ダーツなんて俺、全然やった事ないからなかなかブルに当たらない。康作も意外とヘタだった。しかし、徳原先輩と逢坂は違った。ほぼほぼ2人の一騎打ち。これじゃ力の差が…と思ったのか、徳原先輩がチーム戦にしようと言い出す。ゲームはゼロワンだ。2人ペアの所は交互に投げる事になっている。
強い2人をバラけさせて、ジャンケンの結果、最悪の自体に…。
俺は徳原先輩と。康作は1人で、瑞乃と逢坂がペアになってしまったんだ。
「逢坂くん、どうやったら上手く飛ぶか教えて!?」
瑞乃はグイグイ話しかける。
「投げるタイミング少し遅いかも。矢を離す所が一定じゃないんだ。」
そう言ってボディタッチし始める。と言っても投げ方のフォームを真面目に教えているだけだ。瑞乃のやつ、ドキドキしてるのが傍から見て丸わかりだ。

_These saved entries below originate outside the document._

Lemma prefix_closure_paths (C : vec K Q -> Prop) ps : subcoalgebra C ->
  (forall p, List.In p ps -> is_path p /\ C (pvec K p)) ->
  forall x, List.In x (prefix_closure ps) -> is_path x /\ C (pvec K x).
Proof.
move=> HC Hps x /in_prefix_closure [p [k [/Hps [Pp Cp] ->]]].
by split; [apply: is_path_ptake | case: (subcoalgebra_ptake k HC Cp)].
Qed.

Definition path_span ps : vec K Q -> Prop := supported_on^~ ps.

Lemma path_span_pvec ps p : List.In p ps -> path_span ps (pvec K p).
Proof. by move=> Hp q /pvec_nz_eq ->. Qed.

Lemma path_span_subspace ps : (forall p, List.In p ps -> is_path p) ->
  subspace (path_span ps).
Proof.
move=> Hps; split.
  move=> f Hf; split; first by exists ps.
  move=> p Np; have [//|/eqP /Hf /Hps Pp] := eqVneq (f p) 0.
  by case: Np.
split; first by [].
split.
  move=> f g Hf Hg p Hfg; have [Ef|/eqP /Hf //] := eqVneq (f p) 0.
  by apply: Hg => Eg; apply: Hfg; rewrite Ef Eg addr0.
by move=> c f Hf p Hcf; apply: Hf => E; apply: Hcf; rewrite E mulr0.
Qed.

Lemma path_span_basis ps :
  is_basis (path_span ps) (fun f => exists p, List.In p ps /\ f = pvec K p).
Proof.
split; first by move=> f [p [Hp ->]]; apply: path_span_pvec.
split; first by apply: lin_indep_pvecs => f [p [_ ->]]; exists p.
by move=> f /lincomb_supported [l [Hl Hfl]]; exists l.
Qed.
(* Let $(X,\varphi)$ be a Smale space, $(Y,f)$ a finitely presented system, and $\pi:X\to Y$ an almost one-to-one $u$-resolving factor map. Let $P\subseteq Y$ be a finite set of synchronizing periodic points such that $\pi^{-1}(p)$ is a single point for each $p\in P$, and let $Q=\pi^{-1}(P)$. Then for each $y\in Y^u(P)$, $\pi^{-1}(y)=\{x\}$ for some $x\in X^u(Q)$ (i.e. $y$ has a unique preimage under $\pi:X\to Y$, and it lies in $X^u(Q)$).
   Context: Dynamical systems are compact metric spaces with homeomorphisms. Expansive: some $\varepsilon_X>0$ with $d(\varphi^nx,\varphi^ny)\le\varepsilon_X$ for all $n\in\mathbb{Z}$ implying $x=y$. A Smale space is a system equipped with a bracket map satisfying Ruelle's axioms; a finitely presented system is an expansive factor of a shift of finite type. Factor map: continuous surjection intertwining the homeomorphisms. $x\sim_u y$ iff $d(\varphi^{-n}x,\varphi^{-n}y)\to0$ as $n\to\infty$; $X^u(x)$ is the class of $x$ and $X^u(P)=\bigcup_{p\in P}X^u(p)$. $\pi$ is $u$-resolving if it is injective on each $X^u(x)$, almost one-to-one if a residual set of points has a unique preimage. A point $y$ is synchronizing if it has a local product neighbourhood: for some $\delta>0$ the bracket ($[a,b]$ = unique point of $Y^s(a,\varepsilon)\cap Y^u(b,\varepsilon)$, where $Y^s(a,\varepsilon)=\{z:d(f^na,f^nz)<\varepsilon\ \forall n\ge0\}$ and $Y^u$ likewise with $f^{-n}$) maps $Y^u(y,\delta)\times Y^s(y,\delta)$ homeomorphically onto an open neighbourhood of $y$. *)

From Stdlib Require Import Reals List ZArith Lia Lra.
Open Scope R_scope.

Record cms := CMS {
  pt :> Type;
  dist : pt -> pt -> R;
  dist_nonneg : forall x y, 0 <= dist x y;
  dist_eq0 : forall x y, dist x y = 0 <-> x = y;
  dist_sym : forall x y, dist x y = dist y x;
  dist_tri : forall x y z, dist x z <= dist x y + dist y z;
  (* compactness (for metric spaces: sequential compactness) *)
  seq_compact : forall u : nat -> pt, exists (s : nat -> nat) (l : pt),
      (forall k, (s k < s (S k))%nat) /\
      (forall e, e > 0 -> exists N, forall k, (N <= k)%nat -> dist (u (s k)) l < e)
}.
Arguments dist {c} _ _.

Definition continuous_map {X Y : cms} (g : X -> Y) : Prop :=
  forall x e, e > 0 -> exists d, d > 0 /\
    forall x', dist x x' < d -> dist (g x) (g x') < e.

Record dynsys := DS {
  sp :> cms;
  hom : sp -> sp;
  hinv : sp -> sp;
  hinv_hom : forall x, hinv (hom x) = x;
  hom_hinv : forall x, hom (hinv x) = x;
  hom_cont : continuous_map hom;
  hinv_cont : continuous_map hinv
}.
Arguments hom {d} _.
Arguments hinv {d} _.

Definition fw {X : dynsys} (n : nat) (x : X) : X := Nat.iter n hom x.
Definition bw {X : dynsys} (n : nat) (x : X) : X := Nat.iter n hinv x.

Definition expansive_const (X : dynsys) (e : R) : Prop :=
  e > 0 /\ forall x y : X,
    (forall n, dist (fw n x) (fw n y) <= e /\ dist (bw n x) (bw n y) <= e) -> x = y.

Definition expansive (X : dynsys) : Prop := exists e, expansive_const X e.

Record smale_structure (X : dynsys) := SmaleStr {
  sm_eps : R;
  sm_lam : R;
  sm_br : X -> X -> X;
  sm_eps_pos : sm_eps > 0;
  sm_lam_range : 0 < sm_lam < 1;
  sm_br_cont : forall x y e, dist x y <= sm_eps -> e > 0 -> exists d, d > 0 /\
      forall x' y', dist x' y' <= sm_eps -> dist x x' < d -> dist y y' < d ->
        dist (sm_br x y) (sm_br x' y') < e;
  sm_B1 : forall x, sm_br x x = x;
  sm_B2 : forall x y z, dist y z <= sm_eps -> dist x (sm_br y z) <= sm_eps ->
      dist x z <= sm_eps -> sm_br x (sm_br y z) = sm_br x z;
  sm_B3 : forall x y z, dist x y <= sm_eps -> dist (sm_br x y) z <= sm_eps ->
      dist x z <= sm_eps -> sm_br (sm_br x y) z = sm_br x z;
  sm_B4 : forall x y, dist x y <= sm_eps -> dist (hom x) (hom y) <= sm_eps ->
      hom (sm_br x y) = sm_br (hom x) (hom y);
  sm_C1 : forall x y, dist x y <= sm_eps -> sm_br x y = y ->
      dist (hom x) (hom y) <= sm_lam * dist x y;
  sm_C2 : forall x y, dist x y <= sm_eps -> sm_br x y = x ->
      dist (hinv x) (hinv y) <= sm_lam * dist x y
}.

Definition smale_space (X : dynsys) : Prop := exists _ : smale_structure X, True.

(** an SFT over the alphabet {0,..,alph-1}: bi-infinite sequences all of whose
    windows of length win+1 are allowed words *)
Record sft := SFT { alph : nat; win : nat; allowed : list nat -> Prop }.

Definition in_sft (Sg : sft) (x : Z -> nat) : Prop :=
  (forall i, (x i < alph Sg)%nat) /\
  (forall i, allowed Sg (map (fun k => x (i + Z.of_nat k)%Z) (seq 0 (S (win Sg))))).

Definition shift (x : Z -> nat) : Z -> nat := fun i => x (i + 1)%Z.

(** psi : Sigma_S -> Y is a factor map (continuous for the product topology,
    surjective, intertwining the shift with f) *)
Definition sft_factor (Sg : sft) (Y : dynsys) (psi : (Z -> nat) -> Y) : Prop :=
  (forall x, in_sft Sg x -> psi (shift x) = hom (psi x)) /\
  (forall y : Y, exists x, in_sft Sg x /\ psi x = y) /\
  (forall x, in_sft Sg x -> forall e, e > 0 -> exists N : nat, forall x', in_sft Sg x' ->
      (forall i, (- Z.of_nat N <= i <= Z.of_nat N)%Z -> x' i = x i) ->
      dist (psi x) (psi x') < e).

Definition finitely_presented (Y : dynsys) : Prop :=
  expansive Y /\ exists (Sg : sft) (psi : (Z -> nat) -> Y), sft_factor Sg Y psi.

Definition factor_map {X Y : dynsys} (pi : X -> Y) : Prop :=
  continuous_map pi /\ (forall y : Y, exists x, pi x = y) /\
  (forall x, pi (hom x) = hom (pi x)).

Definition unst_eq {X : dynsys} (x y : X) : Prop :=
  forall e, e > 0 -> exists N, forall n, (N <= n)%nat -> dist (bw n x) (bw n y) < e.

Definition u_resolving {X Y : dynsys} (pi : X -> Y) : Prop :=
  forall x x' : X, unst_eq x x' -> pi x = pi x' -> x = x'.

Definition open_set {X : cms} (U : X -> Prop) : Prop :=
  forall x, U x -> exists r, r > 0 /\ forall z, dist x z < r -> U z.

Definition dense_set {X : cms} (U : X -> Prop) : Prop :=
  forall x r, r > 0 -> exists z, U z /\ dist x z < r.

(** almost one-to-one: a residual set (containing a countable intersection of
    dense open sets) of points of Y have a unique preimage *)
Definition almost_one_to_one {X Y : dynsys} (pi : X -> Y) : Prop :=
  exists U : nat -> Y -> Prop, (forall k, open_set (U k) /\ dense_set (U k)) /\
    forall y, (forall k, U k y) -> exists x, forall x', pi x' = y <-> x' = x.

Definition loc_s {X : dynsys} (a : X) (e : R) (z : X) : Prop :=
  forall n, dist (fw n a) (fw n z) < e.
Definition loc_u {X : dynsys} (a : X) (e : R) (z : X) : Prop :=
  forall n, dist (bw n a) (bw n z) < e.

(** The bracket [a,b] is the
    unique point of Y^s(a,eps) ∩ Y^u(b,eps), for a small eps (2*eps an expansive
    constant); (a,b) |-> [a,b] maps Y^u(y,delta) x Y^s(y,delta) homeomorphically
    onto an open neighbourhood of y. *)
Definition synchronizing {Y : dynsys} (y : Y) : Prop :=
  exists (eps delta : R) (g : Y -> Y -> Y),
    eps > 0 /\ delta > 0 /\ expansive_const Y (2 * eps) /\
    let D := fun a b => loc_u y delta a /\ loc_s y delta b in
    let U := fun z => exists a b, D a b /\ g a b = z in
    (forall a b, D a b ->
       loc_s a eps (g a b) /\ loc_u b eps (g a b) /\
       (forall z, loc_s a eps z -> loc_u b eps z -> z = g a b)) /\
    (forall a b e, D a b -> e > 0 -> exists d, d > 0 /\
       forall a' b', D a' b' -> dist a a' < d -> dist b b' < d ->
         dist (g a b) (g a' b') < e) /\
    (forall a b a' b', D a b -> D a' b' -> g a b = g a' b' -> a = a' /\ b = b') /\
    (forall a b e, D a b -> e > 0 -> exists d, d > 0 /\
       forall a' b', D a' b' -> dist (g a b) (g a' b') < d ->
         dist a a' < e /\ dist b b' < e) /\
    open_set U /\ U y.

Definition periodic {Y : dynsys} (p : Y) : Prop :=
  exists n, (n > 0)%nat /\ fw n p = p.

From Pilot Require Import Defs.
From Stdlib Require Import Reals List.
From Stdlib Require Import Lra Lia Classical IndefiniteDescription.
Import Defs. (* re-exposes [Defs.dist], shadowed by the [dist] of [Reals] *)
Open Scope R_scope.

(* Let p be a periodic point of period n whose fibre is {q}, and let pi x be
   unstably equivalent to p.  By compactness, every limit point of the
   backward orbit x, phi^{-n} x, phi^{-2n} x, ... lies in the fibre of p, so
   this subsequence converges to q; continuity of the first n backward
   iterates at q then gives x ~u q.  Hence every preimage of y is unstably
   equivalent to q, and since pi is u-resolving, any two of them coincide. *)

Definition seq_cvg {X : cms} (u : nat -> X) (l : X) : Prop :=
  forall e, e > 0 -> exists N, forall k, (N <= k)%nat -> dist (u k) l < e.

Lemma dist_eq_of_lt_all {X : cms} (a b : X) :
  (forall e, e > 0 -> dist a b < e) -> a = b.
Proof.
  intro small. apply dist_eq0.
  destruct (Req_dec (dist a b) 0) as [h0 | hne]; [exact h0 |].
  pose proof (dist_nonneg X a b).
  specialize (small (dist a b)). lra.
Qed.

Lemma strict_incr_ge_id (s : nat -> nat) :
  (forall k, (s k < s (S k))%nat) -> forall k, (k <= s k)%nat.
Proof. intros incr k; induction k; [lia | specialize (incr k); lia]. Qed.

Lemma seq_cvg_of_unique_limit_point {X : cms} (u : nat -> X) (q : X) :
  (forall (s : nat -> nat) l, (forall k, (k <= s k)%nat) ->
     seq_cvg (fun k => u (s k)) l -> l = q) ->
  seq_cvg u q.
Proof.
  intros unique e he. apply NNPP; intro not_cvg.
  assert (far : forall K, exists k, (K <= k)%nat /\ e <= dist (u k) q).
  { intro K. apply NNPP; intro none. apply not_cvg. exists K. intros k hk.
    destruct (Rlt_or_le (dist (u k) q) e) as [h | h]; [exact h |].
    exfalso; apply none; eauto. }
  destruct (functional_choice _ far) as [g hg].
  destruct (seq_compact X (fun k => u (g k))) as [s [l [incr cvg]]].
  assert (hlq : l = q).
  { apply (unique (fun k => g (s k))); [| exact cvg].
    intro k. pose proof (strict_incr_ge_id s incr k). pose proof (proj1 (hg (s k))). lia. }
  subst l. destruct (cvg e he) as [N hN].
  specialize (hN N (le_n N)). pose proof (proj2 (hg (s N))). lra.
Qed.

Lemma bw_add {X : dynsys} a b (x : X) : bw (a + b) x = bw a (bw b x).
Proof. induction a as [| a IH]; [reflexivity |]. unfold bw in *; simpl. now rewrite IH. Qed.

Lemma bw_fw {X : dynsys} n (x : X) : bw n (fw n x) = x.
Proof.
  induction n as [| n IH]; [reflexivity |].
  replace (S n) with (n + 1)%nat at 1 by lia.
  rewrite bw_add. unfold bw at 2; simpl. rewrite hinv_hom. exact IH.
Qed.

Lemma bw_mul_fixed {X : dynsys} n (z : X) : bw n z = z -> forall k, bw (k * n) z = z.
Proof. intros fixed k; induction k as [| k IH]; [reflexivity |]. simpl. now rewrite bw_add, IH. Qed.

Lemma factor_map_bw {X Y : dynsys} (pi : X -> Y) : factor_map pi ->
  forall m x, pi (bw m x) = bw m (pi x).
Proof.
  intros [_ [_ equiv]] m; induction m as [| m IH]; intro x; [reflexivity |].
  change (pi (hinv (bw m x)) = hinv (bw m (pi x))). rewrite <- IH.
  rewrite <- (hinv_hom _ (pi (hinv (bw m x)))), <- equiv, hom_hinv. reflexivity.
Qed.

Lemma bw_continuous {X : dynsys} m : continuous_map (@bw X m).
Proof.
  induction m as [| m IH]; intros x e he.
  - exists e; split; auto.
  - destruct (hinv_cont X (bw m x) e he) as [d1 [hd1 h1]].
    destruct (IH x d1 hd1) as [d [hd h]].
    exists d; split; auto. intros x' hx'. apply h1, h, hx'.
Qed.

Lemma bw_equicontinuous_upto {X : dynsys} (q : X) e r : e > 0 -> exists d, d > 0 /\
  forall z, dist q z < d -> forall r', (r' <= r)%nat -> dist (bw r' q) (bw r' z) < e.
Proof.
  intro he; induction r as [| r IH].
  - exists e; split; auto. intros z hz r' hr'. replace r' with 0%nat by lia. exact hz.
  - destruct IH as [d1 [hd1 h1]].
    destruct (bw_continuous (S r) q e he) as [d2 [hd2 h2]].
    exists (Rmin d1 d2); split; [apply Rmin_pos; auto |].
    intros z hz r' hr'. destruct (Nat.eq_dec r' (S r)) as [-> | hne].
    + apply h2. pose proof (Rmin_r d1 d2); lra.
    + apply h1; [pose proof (Rmin_l d1 d2); lra | lia].
Qed.

Lemma unst_eq_sym {X : dynsys} (a b : X) : unst_eq a b -> unst_eq b a.
Proof.
  intros h e he. destruct (h e he) as [N hN]. exists N. intros m hm.
  rewrite dist_sym. now apply hN.
Qed.

Lemma unst_eq_trans {X : dynsys} (a b c : X) : unst_eq a b -> unst_eq b c -> unst_eq a c.
Proof.
  intros h1 h2 e he.
  destruct (h1 (e / 2)) as [N1 hN1]; [lra |]. destruct (h2 (e / 2)) as [N2 hN2]; [lra |].
  exists (N1 + N2)%nat. intros m hm.
  specialize (hN1 m ltac:(lia)); specialize (hN2 m ltac:(lia)).
  pose proof (dist_tri _ (bw m a) (bw m b) (bw m c)). lra.
Qed.

Section PeriodicFibre.

Variables (X Y : dynsys) (pi : X -> Y).
Hypothesis pi_factor : factor_map pi.
Variables (p : Y) (n : nat).
Hypothesis n_pos : (n > 0)%nat.
Hypothesis p_fixed : bw n p = p.

Lemma limit_point_in_fibre (x : X) : unst_eq (pi x) p ->
  forall (s : nat -> nat) l, (forall k, (k <= s k)%nat) ->
    seq_cvg (fun k => bw (s k * n) x) l -> pi l = p.
Proof.
  intros xp s l s_ge cvg. apply dist_eq_of_lt_all. intros e he.
  destruct (proj1 pi_factor l (e / 2)) as [d [hd pi_near]]; [lra |].
  destruct (cvg d hd) as [N1 hN1].
  destruct (xp (e / 2)) as [N2 hN2]; [lra |].
  set (m := (s (N1 + N2)%nat * n)%nat).
  assert (near_l : dist (pi l) (pi (bw m x)) < e / 2).
  { apply pi_near. rewrite dist_sym. apply hN1. lia. }
  assert (near_p : dist (bw m (pi x)) p < e / 2).
  { rewrite <- (bw_mul_fixed n p p_fixed (s (N1 + N2)%nat)). apply hN2.
    specialize (s_ge (N1 + N2)%nat). unfold m. nia. }
  rewrite factor_map_bw in near_l by exact pi_factor.
  pose proof (dist_tri _ (pi l) (bw m (pi x)) p). lra.
Qed.

Variable q : X.
Hypothesis fibre_p : forall x', pi x' = p <-> x' = q.

Lemma fibre_point_fixed : bw n q = q.
Proof.
  apply fibre_p. rewrite factor_map_bw by exact pi_factor.
  rewrite (proj2 (fibre_p q) eq_refl). exact p_fixed.
Qed.

Lemma unst_eq_of_stroboscopic_cvg (x : X) :
  seq_cvg (fun k => bw (k * n) x) q -> unst_eq x q.
Proof.
  intros cvg e he. destruct (bw_equicontinuous_upto q e n he) as [d [hd near]].
  destruct (cvg d hd) as [K hK]. exists (K * n)%nat. intros m hm.
  rewrite (Nat.div_mod m n) by lia.
  pose proof (Nat.mod_upper_bound m n ltac:(lia)).
  assert (hK' : (K <= m / n)%nat).
  { apply Nat.div_le_lower_bound; lia. }
  replace (n * (m / n) + m mod n)%nat with (m mod n + (m / n) * n)%nat by lia.
  rewrite !bw_add, (bw_mul_fixed n q fibre_point_fixed).
  rewrite dist_sym. apply near; [rewrite dist_sym; now apply hK | lia].
Qed.

Lemma unst_eq_fibre_point (x : X) : unst_eq (pi x) p -> unst_eq x q.
Proof.
  intro xp. apply unst_eq_of_stroboscopic_cvg, seq_cvg_of_unique_limit_point.
  intros s l s_ge cvg. apply fibre_p. exact (limit_point_in_fibre x xp s l s_ge cvg).
Qed.

End PeriodicFibre.

Theorem mainTheorem3 (X Y : dynsys) (pi : X -> Y) (P : list Y) :
  smale_space X ->
  finitely_presented Y ->
  factor_map pi ->
  almost_one_to_one pi ->
  u_resolving pi ->
  (forall p, In p P ->
     periodic p /\ synchronizing p /\ exists x, forall x', pi x' = p <-> x' = x) ->
  forall y : Y, (exists p, In p P /\ unst_eq y p) ->
  exists x : X, (forall x', pi x' = y <-> x' = x) /\
    (exists q : X, In (pi q) P /\ unst_eq x q).
Proof.
  intros _ _ pi_factor _ pi_resolving hP y [p [p_in yp]].
  destruct (hP p p_in) as [[n [n_pos p_per]] [_ [q fibre_p]]].
  assert (p_fixed : bw n p = p) by (rewrite <- p_per at 1; apply bw_fw).
  assert (preimage_unst : forall x, pi x = y -> unst_eq x q).
  { intros x <-. exact (unst_eq_fibre_point X Y pi pi_factor p n n_pos p_fixed q fibre_p x yp). }
  destruct (proj1 (proj2 pi_factor) y) as [x hx].
  exists x. split.
  - intro x'; split; [| now intros ->].
    intro hx'. apply pi_resolving; [| congruence].
    apply (unst_eq_trans _ q); [| apply unst_eq_sym]; apply preimage_unst; assumption.
  - exists q. rewrite (proj2 (fibre_p q) eq_refl). split; [exact p_in |].
    exact (preimage_unst x hx).
Qed.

俺が瑞乃に教えたい…。そんな技術があれば良かったのに。
純理が逢坂を嫌う理由が何となく分かった気がする。コイツ、抜けが無い。何か弱みとか無いのか…?
「あぁ!いい感じになったね!」
逢坂から教わったあとに投げた瑞乃のダーツの矢は、ブルこそは当たらなかったが真っ直ぐと飛んで的にしっかり当たるようになった。
教え方も上手いと来た。
しかも、逢坂がブル連続で当てて一気にトップに躍り出た。
なんだかこのまま終わるのも悔しい。俺もいい所を見せたいと思って頑張ってみたけど、ブルに当たったのは1回。でも瑞乃のテンションは、逢坂がブルに当てた時と明らか違う。このあからさまな差がキツイ。
結局、どのチームもなかなかトドメをさせない中、逢坂のダーツの矢が見事命中してカウントがゼロに。結局逢坂と瑞乃のペアが勝利する事に。
「やったー!逢坂くんすごい!」
そう言って瑞乃は逢坂にハイタッチをしに行く。そしてそのままちゃっかり手を握っていた。逢坂はダーツの矢を持ちっぱだったから握り返すとかは無かったけど。
悔しい。
悔しい…!!
すると徳原先輩が、
「この人数いるならちょっと一瞬2on2付き合ってよ。」
と言い出して、5分だけ瑞乃にはバスケコートの網の外で待っててもらって、対決をする事になった。徳原先輩と康作のバスケ部2人が同じチームだと不公平なのと、さっきのダーツで俺が徳原先輩とペアだった事から、康作と俺、徳原先輩と逢坂というチーム分けになった。
俺はサッカーなら得意だけど、バスケはサッカー程実力を出せない。
そしてバスケ部2人が強い。康作もフォローしてくれて、すごくやりやすいけど…
逢坂がここでも活躍してくるんだ。
カットして俺からボール奪うし、
徳原先輩からナイスパスされてランニングシュート決めちゃうし…。
瑞乃は瑞乃で…
「逢坂くん!頑張れ!」
なんて…。逢坂の応援しかしてない。
逢坂雅、こいつはなんなんだよ…。
本人にその気が無いのも、悪気が無いのも重々承知している。でもゴメン逢坂、
俺の邪魔をしないでくれ。
ーーーーーーーーーーーーーーー
「ねぇ、どういう事!?説明して!瑞乃から逢坂に会えたってLINE来たんだけど!」
昼休みに中庭にて康作と広夢の3人で話す私。もちろん、まさかの展開になっていたなんて驚きで、私はついつい大声になる。
「いやー、その通りなんだよー。」
と康作。
「3人で騒げたらいいなと思って、俺がよく行く大型ゲームスポーツセンター的なところに連れていった訳。そしたらそこでたまたまバッタリよ。」
「何それ、一人でいたわけじゃないでしょ?向こうだって連れが居たんじゃなくて?」
「居たよ!清人くんが。」
この言葉を聞いて私はそっちに驚く。
「待って、清人先輩いたの!!?待って、え!嘘でしょ!?」
なんで日曜日部活なのよー!!!清人先輩と遊べるなんて羨ましい!!!!私はついそんなリアクションをしてしまった。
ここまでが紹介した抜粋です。